The Centre de services scolaire des Draveurs is one of 4 public Francophone school service centres operating in the Outaouais region, Quebec. The school board was created in 1986 in the old city of Gatineau about 15 years before amalgamation. The board is responsible for primary, secondary and adult schools located  in the former city of Gatineau as well as in the municipalities of Val-des-Monts and Cantley located north of Gatineau. Its current president is Christine Emond-Lapointe, a former Bloc Québécois candidate for the riding of Pontiac in the 2006 Canadian federal elections. The general manager is Francois Jette.

The board operates 24 primary schools across the Gatineau sector as well as in Cantley and Val-des-Monts.
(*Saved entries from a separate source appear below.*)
Lemma sx_top n s : sx n s (S n) = s n + 1.
Proof. unfold sx. simpl. now rewrite Nat.eqb_refl. Qed.

Definition FB_support_fin n (s : nat -> R) : list interval :=
  flat_map (fun i => map (fun j => Fin (s i) (s j)) (seq (S i) (n - i))) (seq 1 n).
Definition FB_support_inf n (s : nat -> R) : list interval := map (fun i => Inf (s i)) (seq 1 n).
Definition FB_support n s := FB_support_fin n s ++ FB_support_inf n s.

Lemma upsum_coeff {C : AbelianCat} (Y : diagram C) L I o :
  coeff (upsum Y L I) o =
  zsum L (fun J => if validb J && containsb J I then coeff (Y J) o else 0%Z).
Proof.
  unfold upsum. rewrite coeff_flat_map. apply zsum_ext. intros J _.
  now destruct (validb J && containsb J I).
Qed.

Section MobiusInversion.
Context {C : AbelianCat} (F : PMod C) (n : nat) (s : nat -> R).
Hypothesis Hs : strict_incr n s.

Definition dFB_grid_fin (o : Ob C) (i j : nat) : Z := coeff (dFB F n s (Fin (sx n s i) (sx n s j))) o.
Definition dFB_grid_inf (o : Ob C) (i : nat) : Z := coeff (dFB F n s (Inf (sx n s i))) o.

Lemma coeff_FB_grid_fin o i j : (1 <= i)%nat -> (i < j)%nat -> (j <= n)%nat ->
  coeff (FB F n s (Fin (s i) (s j))) o =
  (dFB_grid_fin o i j - dFB_grid_fin o i (S j)
   + dFB_grid_fin o (pred i) (S j) - dFB_grid_fin o (pred i) j)%Z.
Proof.
  intros H1 H2 H3. unfold FB. rewrite coeff_flat_map, (zsum_single _ _ i).
  - rewrite coeff_flat_map, (zsum_single _ _ j).
    + rewrite !eqb_refl. cbn [andb]. rewrite !coeff_app, !coeff_neg. unfold dFB_grid_fin. lia.
    + apply seq_NoDup.
    + apply in_seq; lia.
    + intros k Hk%in_seq Hne. rewrite (eqb_neq (s j) (s k)); [now rewrite andb_false_r|].
      intro E. apply Hne. symmetry. apply (strict_incr_inj n s Hs); auto; lia.
  - apply seq_NoDup.
  - apply in_seq; lia.
  - intros k Hk%in_seq Hne. rewrite coeff_flat_map. apply zsum_zero. intros x _.
    rewrite (eqb_neq (s i) (s k)); [reflexivity|].
    intro E. apply Hne. symmetry. apply (strict_incr_inj n s Hs); auto; lia.
Qed.

Lemma coeff_FB_grid_inf o i : (1 <= i)%nat -> (i <= n)%nat ->
  coeff (FB F n s (Inf (s i))) o = (dFB_grid_inf o i - dFB_grid_inf o (pred i))%Z.
Proof.
  intros H1 H2. unfold FB. rewrite coeff_flat_map, (zsum_single _ _ i).
  - rewrite eqb_refl, coeff_app, coeff_neg. unfold dFB_grid_inf. rewrite (sx_grid n s i) by lia. lia.
  - apply seq_NoDup.
  - apply in_seq; lia.
  - intros k Hk%in_seq Hne. rewrite (eqb_neq (s i) (s k)); [reflexivity|].
    intro E. apply Hne. symmetry. apply (strict_incr_inj n s Hs); auto; lia.
Qed.

Lemma fin_supp_FB : fin_supp (FB F n s) (FB_support n s).
Proof.
  split.
  - apply NoDup_app.
    + apply NoDup_flat_map; [apply seq_NoDup| |].
      * intros i Hi%in_seq. apply NoDup_map_NoDup_ForallPairs; [|apply seq_NoDup].
        intros j j' Hj%in_seq Hj'%in_seq E. injection E as E.
        apply (strict_incr_inj n s Hs); auto; lia.
      * intros i i' z Hi%in_seq Hi'%in_seq [j [<- Hj]]%in_map_iff [j' [E Hj']]%in_map_iff.
        injection E as E _. symmetry. apply (strict_incr_inj n s Hs); auto; lia.
    + apply NoDup_map_NoDup_ForallPairs; [|apply seq_NoDup].
      intros j j' Hj%in_seq Hj'%in_seq E. injection E as E.
      apply (strict_incr_inj n s Hs); auto; lia.
    + intros z [i [_ [j [<- _]]%in_map_iff]]%in_flat_map [k [E _]]%in_map_iff. discriminate.
  - intros J _ HJ. apply Bnull_ext with (y := []); [|apply Bnull_nil].
    intro o. destruct J as [p q|p]; unfold FB; rewrite coeff_flat_map; apply zsum_zero.
    + intros i Hi. rewrite coeff_flat_map. apply zsum_zero. intros j Hj. cbv beta.
      destruct (eqb p (s i) && eqb q (s j)) eqn:E; [|reflexivity]. exfalso. apply HJ.
      apply andb_true_iff in E as [->%eqb_eq ->%eqb_eq].
      apply in_or_app. left. apply in_flat_map. exists i. split; auto. apply in_map_iff. eauto.
    + intros i Hi. cbv beta. destruct (eqb p (s i)) eqn:E; [|reflexivity]. exfalso. apply HJ.
      apply eqb_eq in E as ->. apply in_or_app. right. apply in_map_iff. eauto.
Qed.

(* Inclusion-exclusion over the grid: with [a] (resp. [b]) the number of grid points [<= p]
   (resp. the first grid index [>= q]), the Möbius inversion telescopes in both indices. *)
Lemma coeff_upsum_FB_fin o p q a b : (a <= n)%nat -> (a < b)%nat -> (b <= S n)%nat ->
  (forall i, (1 <= i)%nat -> (i <= n)%nat -> (s i <= p <-> (i <= a)%nat)) ->
  (forall j, (1 <= j)%nat -> (j <= n)%nat -> (q <= s j <-> (b <= j)%nat)) ->
  coeff (upsum (FB F n s) (FB_support n s) (Fin p q)) o =
  (dFB_grid_fin o a b - dFB_grid_fin o a (S n) - dFB_grid_fin o 0 b + dFB_grid_fin o 0 (S n)
   + dFB_grid_inf o a - dFB_grid_inf o 0)%Z.
Proof.
  intros Ha Hab Hb HA HB. rewrite upsum_coeff. unfold FB_support.
  rewrite zsum_app. unfold FB_support_fin, FB_support_inf. rewrite zsum_flat_map, zsum_map.
  transitivity (zsum (seq 1 n) (fun i => if (i <? 1 + a)%nat then
     zsum (seq (S i) (n - i)) (fun j => if (b <=? j)%nat then
     (dFB_grid_fin o i j - dFB_grid_fin o i (S j)
      + dFB_grid_fin o (pred i) (S j) - dFB_grid_fin o (pred i) j)%Z else 0%Z)
     else 0%Z) +
     zsum (seq 1 n) (fun i => if (i <? 1 + a)%nat
       then (dFB_grid_inf o i - dFB_grid_inf o (pred i))%Z else 0%Z))%Z.
  - f_equal; apply zsum_ext; intros i Hi%in_seq; [rewrite zsum_map|]; cbn [validb containsb].
    + rewrite <- zsum_if. apply zsum_ext. intros j Hj%in_seq. cbn [validb containsb].
      rewrite ltb_true by (apply Hs; lia).
      rewrite (leb_iff (s i) p (i <= a)%nat (i <? 1 + a)%nat)
        by first [apply HA; lia | rewrite Nat.ltb_lt; lia].
      rewrite (leb_iff q (s j) (b <= j)%nat (b <=? j)%nat)
        by first [apply HB; lia | rewrite Nat.leb_le; lia].
      destruct (i <? 1 + a)%nat, (b <=? j)%nat; try reflexivity. apply coeff_FB_grid_fin; lia.
    + rewrite (leb_iff (s i) p (i <= a)%nat (i <? 1 + a)%nat)
        by first [apply HA; lia | rewrite Nat.ltb_lt; lia].
      destruct (i <? 1 + a)%nat; [apply coeff_FB_grid_inf; lia|reflexivity].
  - rewrite !zsum_seq_prefix by lia.
    rewrite (zsum_ext (seq 1 a) _ (fun i =>
       ((dFB_grid_fin o i b - dFB_grid_fin o i (S n))
        - (dFB_grid_fin o (pred i) b - dFB_grid_fin o (pred i) (S n)))%Z)).
    + rewrite (zsum_seq1_telescope a (fun i => (dFB_grid_fin o i b - dFB_grid_fin o i (S n))%Z)).
      rewrite zsum_seq1_telescope. lia.
    + intros i Hi%in_seq. rewrite zsum_seq_suffix by lia.
      rewrite (zsum_ext _ _ (fun j => ((dFB_grid_fin o i j - dFB_grid_fin o (pred i) j) -
          (dFB_grid_fin o i (S j) - dFB_grid_fin o (pred i) (S j)))%Z)) by (intros; lia).
      rewrite zsum_seq_telescope. replace (b + (S i + (n - i) - b))%nat with (S n) by lia. lia.
Qed.

Lemma coeff_upsum_FB_inf o p a : (a <= n)%nat ->
  (forall i, (1 <= i)%nat -> (i <= n)%nat -> (s i <= p <-> (i <= a)%nat)) ->
  coeff (upsum (FB F n s) (FB_support n s) (Inf p)) o = (dFB_grid_inf o a - dFB_grid_inf o 0)%Z.
Proof.
  intros Ha HA. rewrite upsum_coeff. unfold FB_support.
  rewrite zsum_app. unfold FB_support_fin, FB_support_inf. rewrite zsum_flat_map, zsum_map.
  rewrite zsum_zero.
  2:{ intros i _. rewrite zsum_map. apply zsum_zero. intros j _. cbn [containsb].
      now rewrite andb_false_r. }
  transitivity (zsum (seq 1 n) (fun i => if (i <? 1 + a)%nat
    then (dFB_grid_inf o i - dFB_grid_inf o (pred i))%Z else 0%Z)).
  - apply zsum_ext. intros i Hi%in_seq. cbn [validb containsb andb].
    rewrite (leb_iff (s i) p (i <= a)%nat (i <? 1 + a)%nat)
      by first [apply HA; lia | rewrite Nat.ltb_lt; lia].
    destruct (i <? 1 + a)%nat; [apply coeff_FB_grid_inf; lia|reflexivity].
  - rewrite zsum_seq_prefix, zsum_seq1_telescope by lia. lia.
Qed.

End MobiusInversion.

Section Modules.
Context {C : AbelianCat} (F : PMod C).

Definition iso_on (P : R -> Prop) : Prop :=
  forall x y (h : x <= y), P x -> P y -> is_iso (Fmap F h).

Lemma Fmap_factor_iso_on P x u m (hu : x <= u) (hm : x <= m) :
  iso_on P -> P u -> P m -> exists K, Fmap F hu = comp K (Fmap F hm).
Proof.
  intros Hiso Pu Pm. destruct (Rle_dec m u) as [Hmu|Hmu].
  - exists (Fmap F Hmu). apply Fmap_comp.
  - assert (Hum : u <= m) by lra.
    destruct (Hiso u m Hum Pu Pm) as [r [Hr1 Hr2]]. exists r.
    now rewrite (Fmap_comp F hu Hum hm), comp_assoc, Hr1, comp_idl.
Qed.

(* Both maps agree with [F(x <= u)] up to isomorphisms on either side. *)
Lemma factors_equiv_iso_on P x p u y (hxp : x <= p) (hu : p <= u) (hy : x <= y) :
  is_iso (Fmap F hxp) -> iso_on P -> P u -> P y -> factors_equiv (Fmap F hu) (Fmap F hy).
Proof.
  intros [r [Hr1 Hr2]] Hiso Pu Py.
  assert (hxu : x <= u) by lra.
  destruct (Fmap_factor_iso_on P x u y hxu hy Hiso Pu Py) as [K1 E1].
  destruct (Fmap_factor_iso_on P x y u hy hxu Hiso Py Pu) as [K2 E2].
  split.
  - exists r, K1.
    now rewrite comp_assoc, <- E1, (Fmap_comp F hxp hu hxu), <- comp_assoc, Hr2, comp_idr.
  - exists (Fmap F hxp), K2. now rewrite <- (Fmap_comp F hxp hu hxu).
Qed.

Lemma factors_equiv_zero p u (hu : p <= u) (hp : p <= p) :
  is_zero (Fob F p) -> factors_equiv (Fmap F hu) (Fmap F hp).
Proof.
  intro Hz. split.
  - exists (idm _), (Fmap F hu). now rewrite Fmap_id, !comp_idr.
  - exists (idm _), (hzero _ _). now apply is_zero_hom_from.
Qed.

Lemma imc_cls x y : x <= y -> exists h : x <= y, imc F x y = cls (im_obj (Fmap F h)).
Proof. intro H. unfold imc. destruct (Rle_dec x y); [eauto|contradiction]. Qed.

End Modules.

Section Constructible.
Context {C : AbelianCat} (hab : abelian_normal C) (F : PMod C) (n : nat) (s : nat -> R).
Hypothesis hF : constructible F n s.

Lemma constructible_strict_incr : strict_incr n s.
Proof.
  destruct hF as [_ [Hs _]]. intros i j Hi Hij Hj.
  induction j as [|j IH]; [lia|].
  destruct (Nat.eq_dec i j) as [->|]; [apply Hs; lia|].
  apply Rlt_trans with (s j); [apply IH; lia | apply Hs; lia].
Qed.

Lemma constructible_iso_on_cell i : (1 <= i)%nat -> (i < n)%nat ->
  iso_on F (fun z => s i <= z < s (S i)).
Proof. destruct hF as [_ [_ [_ [H _]]]]. intros Hi Hin x y h Px Py. apply (H i); tauto. Qed.

Lemma constructible_iso_on_top : iso_on F (fun z => s n <= z).
Proof. destruct hF as [_ [_ [_ [_ H]]]]. intros x y h Px _. now apply H. Qed.

Lemma Bnull_imc_below p r : p < s 1%nat -> Bnull (imc F p r).
Proof.
  intro Hp. unfold imc. destruct (Rle_dec p r); [|apply Bnull_nil].
  apply Bnull_zero, (im_obj_zero hab). now apply hF.
Qed.

Lemma Bnull_dFB_grid_fin_bottom j : Bnull (dFB F n s (Fin (sx n s 0) (sx n s j))).
Proof.
  unfold dFB. destruct (find_idx s (sx n s j) n); apply Bnull_imc_below; cbn; lra.
Qed.

Lemma Bnull_dFB_grid_inf_bottom : Bnull (dFB F n s (Inf (sx n s 0))).
Proof. apply Bnull_imc_below. cbn. lra. Qed.

Lemma dFB_grid_fin_top a : (1 <= a)%nat -> (a <= n)%nat ->
  dFB F n s (Fin (sx n s a) (sx n s (S n))) = dFB F n s (Inf (sx n s a)).
Proof.
  intros H1 H2. pose proof constructible_strict_incr as Hs.
  unfold dFB. rewrite sx_top, (sx_grid n s a) by lia. rewrite find_idx_none.
  - rewrite Rmax_right; auto. now apply (strict_incr_le n).
  - intros i Hi1 Hi2 E. assert (s i <= s n) by (apply (strict_incr_le n); auto; lia). lra.
Qed.

Lemma dFB_grid_fin_inner a b : (1 <= a)%nat -> (a < b)%nat -> (b <= n)%nat ->
  dFB F n s (Fin (sx n s a) (sx n s b)) = imc F (s a) ((Rmax (s a) (s (pred b)) + s b) / 2).
Proof.
  intros H1 H2 H3. unfold dFB. rewrite (sx_grid n s a), (sx_grid n s b) by lia.
  rewrite find_idx_grid by (auto using constructible_strict_incr; lia). unfold prev_bound.
  now destruct (Nat.eqb_spec b 1); [lia|].
Qed.

End Constructible.

Definition left_end (I : interval) : R := match I with Fin p _ | Inf p => p end.

Definition near_right_end (I : interval) (P : R -> Prop) : Prop :=
  match I with
  | Fin _ q => exists eta, 0 < eta /\ forall u, q - eta < u < q -> P u
  | Inf _ => exists M, forall u, M <= u -> P u
  end.

Lemma near_right_end_Grow eps I P Q : 0 <= eps -> valid I ->
  near_right_end I P -> near_right_end (Grow eps I) Q ->
  exists w, left_end I <= w /\ P w /\ Q (w + eps).
Proof.
  intros He HI HP HQ. destruct I as [p q|p]; cbn in *.
  - destruct HP as [e1 [He1 HP]], HQ as [e2 [He2 HQ]].
    set (eta := Rmin (Rmin e1 e2) (q - p) / 2).
    assert (0 < Rmin (Rmin e1 e2) (q - p)) by (repeat apply Rmin_glb_lt; lra).
    pose proof (Rmin_l (Rmin e1 e2) (q - p)). pose proof (Rmin_r (Rmin e1 e2) (q - p)).
    pose proof (Rmin_l e1 e2). pose proof (Rmin_r e1 e2).
    exists (q - eta). unfold eta. split; [lra|]. split; [apply HP|apply HQ]; lra.
  - destruct HP as [M1 HP], HQ as [M2 HQ]. exists (Rmax p (Rmax M1 M2)).
    pose proof (Rmax_l p (Rmax M1 M2)). pose proof (Rmax_r p (Rmax M1 M2)).
    pose proof (Rmax_l M1 M2). pose proof (Rmax_r M1 M2).
    split; [lra|]. split; [apply HP|apply HQ]; lra.
Qed.
Lemma Cfun_bounded_on_compact f K : C f -> compact K ->
  exists M, forall y, K y -> `|f y| <= M.
Proof.
move=> Cf cK.
have : compact ((f : X -> R^o) @` K).
  by apply: continuous_compact => //; apply: continuous_subspaceT; exact: Cf.
move=> /compact_bounded [M [_ HM]]; exists (M + 1) => y Ky.
by apply: (HM (M + 1)); [rewrite ltrDl ltr01|exists y].
Qed.

Lemma Ck_bounded_unit_ball : Ck_bounded [set g | C g /\ forall x, `|g x| <= 1].
Proof. by split=> [g []|K _]; last by exists 1 => f x [_ f1] _; exact: f1. Qed.

Lemma Ck_bounded_range_eventually0 (g : nat -> X -> R) : (forall n, C (g n)) ->
  (forall K, compact K -> exists N, forall n y, (N <= n)%N -> K y -> g n y = 0) ->
  Ck_bounded (range g).
Proof.
move=> Cg g0; split=> [_ [n _ <-] //|K cK].
have [N gN] := g0 K cK.
have [c gc] := choice (fun n => Cfun_bounded_on_compact (Cg n) cK).
have [M cM] := prefix_ubound c N.
exists (Num.max M 0) => _ y [n _ <-] Ky.
have [ltnN|leNn] := ltnP n N.
  by rewrite le_max (le_trans (gc n y Ky) (cM n ltnN)).
by rewrite gN // normr0 le_max lexx orbT.
Qed.

(* Otherwise the sets K `&` [set y | G y <= 1], for G >= 0 in P, form a proper
   filter base on K; at a cluster point y some g \in P has g y != 0, and a
   multiple of g ^+ 2 exceeds 1 near y. *)
Lemma ideal_gt1_on_compact (P : set (X -> R)) (K : set X) :
  P `<=` C -> P (fun _ => 0) -> (forall f g, P f -> P g -> P (f \+ g)) ->
  (forall g k, P g -> C k -> P (fun x => g x * k x)) ->
  compact K -> (forall y, K y -> exists2 g, P g & g y != 0) ->
  exists G, [/\ P G, (forall x, 0 <= G x) & (forall y, K y -> 1 < G y)].
Proof.
move=> PC P0 PD PM cK Knz; apply: contrapT => noG.
pose Pnn := [set G | P G /\ forall x, 0 <= G x].
pose low (G : X -> R) := K `&` [set y | G y <= 1].
have low_nz G : Pnn G -> low G !=set0.
  move=> [PG G0]; apply: contrapT => lowG0; apply: noG; exists G; split=> // y Ky.
  by rewrite ltNge; apply/negP => Gy1; apply: lowG0; exists y.
have lowF : Filter (filter_from Pnn low).
  apply: filter_from_filter; first by exists (fun _ => 0); split.
  move=> G1 G2 [PG1 G10] [PG2 G20]; exists (G1 \+ G2).
    by split=> [|x]; [exact: PD|exact: addr_ge0].
  move=> y [Ky /= G12y]; split; split=> //.
    by apply: le_trans G12y; rewrite lerDl.
  by apply: le_trans G12y; rewrite lerDr.
have lowPF : ProperFilter (filter_from Pnn low) by exact: filter_from_proper.
have [y [Ky clu_y]] : K `&` cluster (filter_from Pnn low) !=set0.
  by apply: cK; exists (fun _ => 0); [split|move=> y []].
have [g Pg gy0] := Knz y Ky.
pose G x := g x * (2 / g y ^+ 2 * g x).
have Gnn : Pnn G.
  split=> [|x]; first by apply: PM => //; apply: CfunZ; exact: PC.
  by rewrite /G mulrCA -expr2 mulr_ge0 ?sqr_ge0 ?divr_ge0 ?sqr_ge0.
have Gy : G y = 2 by rewrite /G mulrCA -expr2 divfK // expf_neq0.
have G_gt1 : nbhs y [set x | 1 < G x].
  apply: open_nbhs_nbhs; split; last by rewrite /= Gy ltr1n.
  exact: Cfun_open_preimage (PC _ Gnn.1) (@open_gt R 1).
have lowG : filter_from Pnn low (low G) by exists G.
have [x [[_ /= Gx1] /= Gx_gt1]] := clu_y _ _ lowG G_gt1.
by move: Gx_gt1; rewrite ltNge Gx1.
Qed.

End ContinuousFunctions.

Section Dual.
Variables (R : realType) (X : topologicalType).
Local Notation C := (@Cfun R X).
Local Notation D := (@Ck_dual R X).

Lemma Ck_dualD phi f g : D phi -> C f -> C g -> phi (f \+ g) = phi f + phi g.
Proof. by case=> phiD _; apply: phiD. Qed.

Lemma Ck_dualZ phi a f : D phi -> C f -> phi (fun x => a * f x) = a * phi f.
Proof. by case=> _ [phiZ _]; apply: phiZ. Qed.

Lemma Ck_dual0 phi : D phi -> phi (fun _ => 0) = 0.
Proof.
move=> Dphi; have := Ck_dualZ 0 Dphi (@Cfun_cst R X 0).
by rewrite [_ * phi _]mul0r mul0r.
Qed.

Lemma Ck_dualB phi f g : D phi -> C f -> C g ->
  phi (fun x => f x - g x) = phi f - phi g.
Proof.
move=> Dphi Cf Cg.
have -> : (fun x => f x - g x) = f \+ (fun x => -1 * g x).
  by apply: funext => x /=; rewrite mulN1r.
by rewrite Ck_dualD ?Ck_dualZ ?mulN1r //; exact: CfunZ.
Qed.

Lemma Ck_dual_eq0 phi (K : set X) eps : D phi -> 0 < eps ->
  (forall f, C f -> (forall x, K x -> `|f x| <= eps) -> `|phi f| <= 1) ->
  forall f, C f -> (forall x, K x -> f x = 0) -> phi f = 0.
Proof.
move=> Dphi eps0 phiK f Cf f0; apply/eqP; apply: contraT => phif0.
have := phiK _ (CfunZ (a := 2 / `|phi f|) Cf).
rewrite Ck_dualZ // normrM ger0_norm ?divr_ge0 // mulfVK ?normr_eq0 //.
rewrite [2 <= 1]leNgt ltr1n; apply => x Kx.
by rewrite f0 // mulr0 normr0 ltW.
Qed.

Definition Ck_dirac (x : X) : (X -> R) -> R :=
  fun f => if `[< C f >] then f x else 0.

Lemma Ck_diracE x f : C f -> Ck_dirac x f = f x.
Proof. by rewrite /Ck_dirac; case: asboolP. Qed.

Lemma Ck_dirac_dual x : D (Ck_dirac x).
Proof.
split; [|split; [|split]].
- by move=> f g Cf Cg; rewrite !Ck_diracE //; exact: CfunD.
- by move=> a f Cf; rewrite !Ck_diracE //; exact: CfunZ.
- by move=> f Cf; rewrite /Ck_dirac; case: asboolP.
- exists [set x]; split; first exact: compact_set1.
  by exists 1 => // f Cf f1; rewrite Ck_diracE //; exact: f1.
Qed.

Lemma Ck_dirac_b_bounding (A : set ((X -> R) -> R)) :
  strong_dual_bounded A -> b_bounding R [set x | A (Ck_dirac x)].
Proof.
move=> [_ Abd] B Bbd; have [M HM] := Abd B Bbd.
by exists M => f x Bf Ax; rewrite -(Ck_diracE x (Bbd.1 _ Bf)); exact: HM.
Qed.

Lemma Ck_dirac_compact_bounded (K : set X) :
  compact K -> strong_dual_bounded (Ck_dirac @` K).
Proof.
move=> cK; split=> [_ [x _ <-]|B [BC BK]]; first exact: Ck_dirac_dual.
have [M HM] := BK K cK.
by exists M => _ f [x Kx <-] Bf; rewrite Ck_diracE ?HM //; exact: BC.
Qed.

Definition Ck_polar (K : set X) (c : R) : set ((X -> R) -> R) :=
  [set phi | D phi /\ forall f M, C f -> 0 < M ->
     (forall x, K x -> `|f x| <= M) -> `|phi f| <= c * M].

Lemma Ck_polarS (K K' : set X) c c' : K `<=` K' -> c <= c' ->
  Ck_polar K c `<=` Ck_polar K' c'.
Proof.
move=> KK' cc' phi [Dphi phiK]; split=> // f M Cf M0 fM.
apply: le_trans (phiK f M Cf M0 (fun x Kx => fM x (KK' x Kx))) _.
by rewrite ler_wpM2r // ltW.
Qed.

Lemma Ck_polar_bounded K c : compact K -> strong_dual_bounded (Ck_polar K c).
Proof.
move=> cK; split=> [phi []//|B [BC Bbd]].
have [MB HMB] := Bbd K cK.
exists (c * Num.max MB 1) => phi f [_ phiK] Bf.
apply: phiK; [exact: BC|by rewrite lt_max ltr01 orbT|].
by move=> x Kx; rewrite le_max HMB.
Qed.

Lemma Ck_dual_polar phi : D phi -> exists K c, compact K /\ Ck_polar K c phi.
Proof.
move=> Dphi; have [_ [_ [_ [K [cK [eps eps0 phiK]]]]]] := Dphi.
exists K, eps^-1; split=> //; split=> // f M Cf M0 fM.
have epsM0 : 0 < eps / M by rewrite divr_gt0.
have : `|phi (fun x => eps / M * f x)| <= 1.
  apply: phiK => [|x Kx]; first exact: CfunZ.
  by rewrite normrM (gtr0_norm epsM0) -ler_pdivlMl // invf_div divfK ?gt_eqF ?fM.
rewrite Ck_dualZ // normrM (gtr0_norm epsM0) -ler_pdivlMl // invf_div.
by rewrite mulr1 mulrC.
Qed.

End Dual.

Lemma fundamental_compact_resolution_of_dual (R : realType) (X : topologicalType) :
  W_space R X -> strong_dual_fundamental_bounded_resolution R X ->
  fundamental_compact_resolution X.
Proof.
move=> hW [A [[_ [Amono Acov]] [Abd Afund]]].
exists (fun a => closure [set x | A a (@Ck_dirac R X x)]).
split; [split; [by []|split]|split].
- by move=> a b ab; apply: closureS => x; exact: Amono.
- move=> x _; have [a Aa] := Acov _ (@Ck_dirac_dual R X x).
  by exists a; exact: subset_closure.
- by move=> a; apply: hW; exact: Ck_dirac_b_bounding.
- move=> K cK; have [a Ka] := Afund _ (@Ck_dirac_compact_bounded R X _ cK).
  by exists a => x Kx; apply: subset_closure; apply: Ka; exists x.
Qed.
However, it recent years, they have closed certain primary schools due to lower yearly attendance at those schools.

The board also operates 4 high schools : Polyvalente de l'Érablière, Polyvalente Nicolas-Gatineau, Polyvalente Le Carrefour and École secondaire du Versant and offers transportation to students attending Collège Saint-Joseph de Hull and Collège Saint-Alexandre, the city's two private schools.

It also operates professional and adult formation centres including the Centre de Competence Outaouais and the L'Escale and Nouvelle-Horizon center for adults.

Several councillors of the City of Gatineau were formally or are school trustees at the CSD. Among those included Aurèle Desjardins, Joseph de Sylva, Paul Morin and Luc Angers.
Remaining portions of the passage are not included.